School of Materials
University of Manchester
During operation turbochargers are subject to a duty cycle that comprises a rapid heat-up to operating temperature, some time spent at operating temperatures (up to about 1000K) then cool-down back to the ambient temperature. In the quiescent (i.e. engine-off) condition, the local gas atmosphere will comprise the residuals from fuel combustion. These species are likely to include: H2O, CO2, SO2, NOx, etc. and may be corrosive, especially during the evaporation/ condensation cycle experienced as a consequence of on-off operation.
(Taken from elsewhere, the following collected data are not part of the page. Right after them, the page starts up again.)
(* Let $(X,I,S)$ and $(Y,J,T)$ be relative monads in a 2-category $\mathcal{K}$. Then liftings to relative right modules $(F,F_0,\tilde F,\tilde\phi)$ from $(X,I,S)$ to $(Y,J,T)$ are in bijection with relative monad morphisms $(F,F_0,\phi)\colon(X,I,S)\to(Y,J,T)$. The bijection sends a lifting to $(F,F_0,\phi)$ with $\phi$ the component of $J^*_{X_0}\tilde\phi$ at $1_Y$; conversely a relative monad morphism $(F,F_0,\phi)$ gives the lifting with $\tilde F(M,(-)_m)=(MF_0,\,f\mapsto(\phi B\cdot Ff)_m)$, $\tilde F(g)=gF_0$, and $\tilde\phi$ having component $M\phi\colon MFS\Rightarrow MTF_0$ at $M\colon Y\to K$.
   Context: Conventions: 1-cells compose by juxtaposition; vertical composition of 2-cells is written $\cdot$; whiskering by juxtaposition. Relative monad: a relative monad $(X,I,S)$ in $\mathcal{K}$ consists of objects $X_0,X$, 1-cells $I,S\colon X_0\to X$, an operator $(-)^\dagger=(-)^\dagger_S\colon[I,S]\to[S,S]$ (extension: for every span $A,B\colon O\to X_0$ a function sending 2-cells $IA\Rightarrow SB$ to 2-cells $SA\Rightarrow SB$, natural in $O$, $A$ and $B$) and a 2-cell $s\colon I\Rightarrow S$ (unit) such that $k^\dagger\cdot sA=k$, $(sA)^\dagger=1_{SA}$, $(l^\dagger\cdot k)^\dagger=l^\dagger\cdot k^\dagger$ for all $k\colon IA\Rightarrow SB$, $l\colon IB\Rightarrow SC$. Relative monad morphism: $(F,F_0,\phi)\colon(X,I,S)\to(Y,J,T)$ (with $I\colon X_0\to X$, $J\colon Y_0\to Y$, units $s,t$) consists of 1-cells $F\colon X\to Y$, $F_0\colon X_0\to Y_0$ with $FI=JF_0$ and a 2-cell $\phi\colon FS\Rightarrow TF_0$ such that $\phi\cdot Fs=tF_0$ and, for all $A,B\colon O\to X_0$ and $k\colon IA\Rightarrow SB$, $\phi B\cdot F(k^\dagger_S)=(\phi B\cdot Fk)^\dagger_T\cdot\phi A$. Relative right modules: for a relative monad $(X,I,T)$ (unit $t$, extension $(-)^\dagger$) and object $K$, a $K$-indexed relative right $T$-module is a 1-cell $M\colon X_0\to K$ with an operator $(-)_m\colon[I,T]\to[M,M]$ (so $h\colon IA\Rightarrow TB$ gives $h_m\colon MA\Rightarrow MB$, naturally in $O,A,B$) such that $(tA)_m=1_{MA}$ and $(k^\dagger\cdot h)_m=k_m\cdot h_m$ for all $h\colon IA\Rightarrow TB$, $k\colon IB\Rightarrow TC$. A morphism $(M,(-)_m)\to(N,(-)_n)$ is a 2-cell $g\colon M\Rightarrow N$ with $gB\cdot h_m=h_n\cdot gA$. These form a category $\mathrm{Mod}_T(K)$ and a 2-functor $\mathrm{Mod}_T(-)\colon\mathcal{K}\to\mathbf{Cat}$ acting by postcomposition. $J^*_{X_0}\colon\mathrm{Mod}_T(-)\to\mathcal{K}(X_0,-)$ is the forgetful 2-natural transformation; $U^*_X\colon\mathcal{K}(X,-)\to\mathrm{Mod}_T(-)$ sends $M\colon X\to K$ to $(MT,M(-)^\dagger)$; the modification $t\colon(-\circ I)\Rightarrow J^*_{X_0}U^*_X$ has components $Mt\colon MI\Rightarrow MT$. The same notation is used for any relative monad. Lifting to relative right modules: for relative monads $(X,I,S)$ ($I\colon X_0\to X$, unit $s$) and $(Y,J,T)$ ($J\colon Y_0\to Y$, unit $t$), a lifting to relative right modules from $(X,I,S)$ to $(Y,J,T)$ is a tuple $(F,F_0,\tilde F,\tilde\phi)$: 1-cells $F\colon X\to Y$, $F_0\colon X_0\to Y_0$ with $FI=JF_0$; a 2-natural transformation $\tilde F\colon\mathrm{Mod}_T(-)\to\mathrm{Mod}_S(-)$ with $J^*_{X_0}\tilde F=(-\circ F_0)J^*_{Y_0}$, so that $\tilde F(M,(-)_m)=(MF_0,(-)_{\tilde Fm})$; and a modification $\tilde\phi\colon U^*_X\circ(-\circ F)\Rightarrow\tilde F\circ U^*_Y$ between 2-natural transformations $\mathcal{K}(Y,-)\to\mathrm{Mod}_S(-)$; such that (1) for every $M\colon Y\to K$, $(J^*_{X_0}\tilde\phi)_M\cdot MFs=MtF_0$ as 2-cells $MJF_0=MFI\Rightarrow MTF_0$; (2) for every $(M,(-)_m)\in\mathrm{Mod}_T(K)$, all $A,B\colon O\to X_0$ and $f\colon IA\Rightarrow SB$, $f_{\tilde Fm}=(f_{\tilde FT}\cdot tF_0A)_m$, where $(-)_{\tilde FT}$ is the operator of $\tilde F(U^*_Y(1_Y))=\tilde F(T,(-)^\dagger_T)$. *)

(* Conventions: [comp1 g f] is the composite "g f" (f first, then g);
   [vcomp b a] is "b . a"; [lwhisk h a] is "h a"; [rwhisk a h] is "a h". *)

Definition cast2 {A : Type} (P : A -> A -> Type) {x x' y y' : A}
  (ex : x = x') (ey : y = y') (c : P x y) : P x' y' :=
  match ex in _ = x1 return P x1 y' with
  | eq_refl => match ey in _ = y1 return P x y1 with eq_refl => c end
  end.
Arguments cast2 {A} P {x x' y y'} ex ey c.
Working closely with the project sponsor, Honeywell, this research proposes to: (a) develop a computational model of the gas ambient environment and its interaction with turbocharger materials of construction, (b) develop corrosion sensor technology to enable kinetic parameters (i.e. rates of corrosion) to be determined experimentally as a function of condensate composition. This is a challenging project that will form the basis of a corrosion rate model for turbocharger materials as a function of typical engine duty cycles.
Study information
- Qualification:
PhD
- Study duration:
3-years
- Study mode:
FT
- Start month:
October 2008
- Entry requirements:
Minimum 2.1 or MSc: (Chemical Engineering/Materials Science/Materials Chemistry background preferable but not essential as training will be given on all techniques used).
Funding information
- Funder:
Honeywell
- Funding applies to:
- Open to applicants from a range of countries
- Funding notes:
This studentship offers home tuition fees plus an enhanced stipend of £15k by industrial sponsors Honeywell.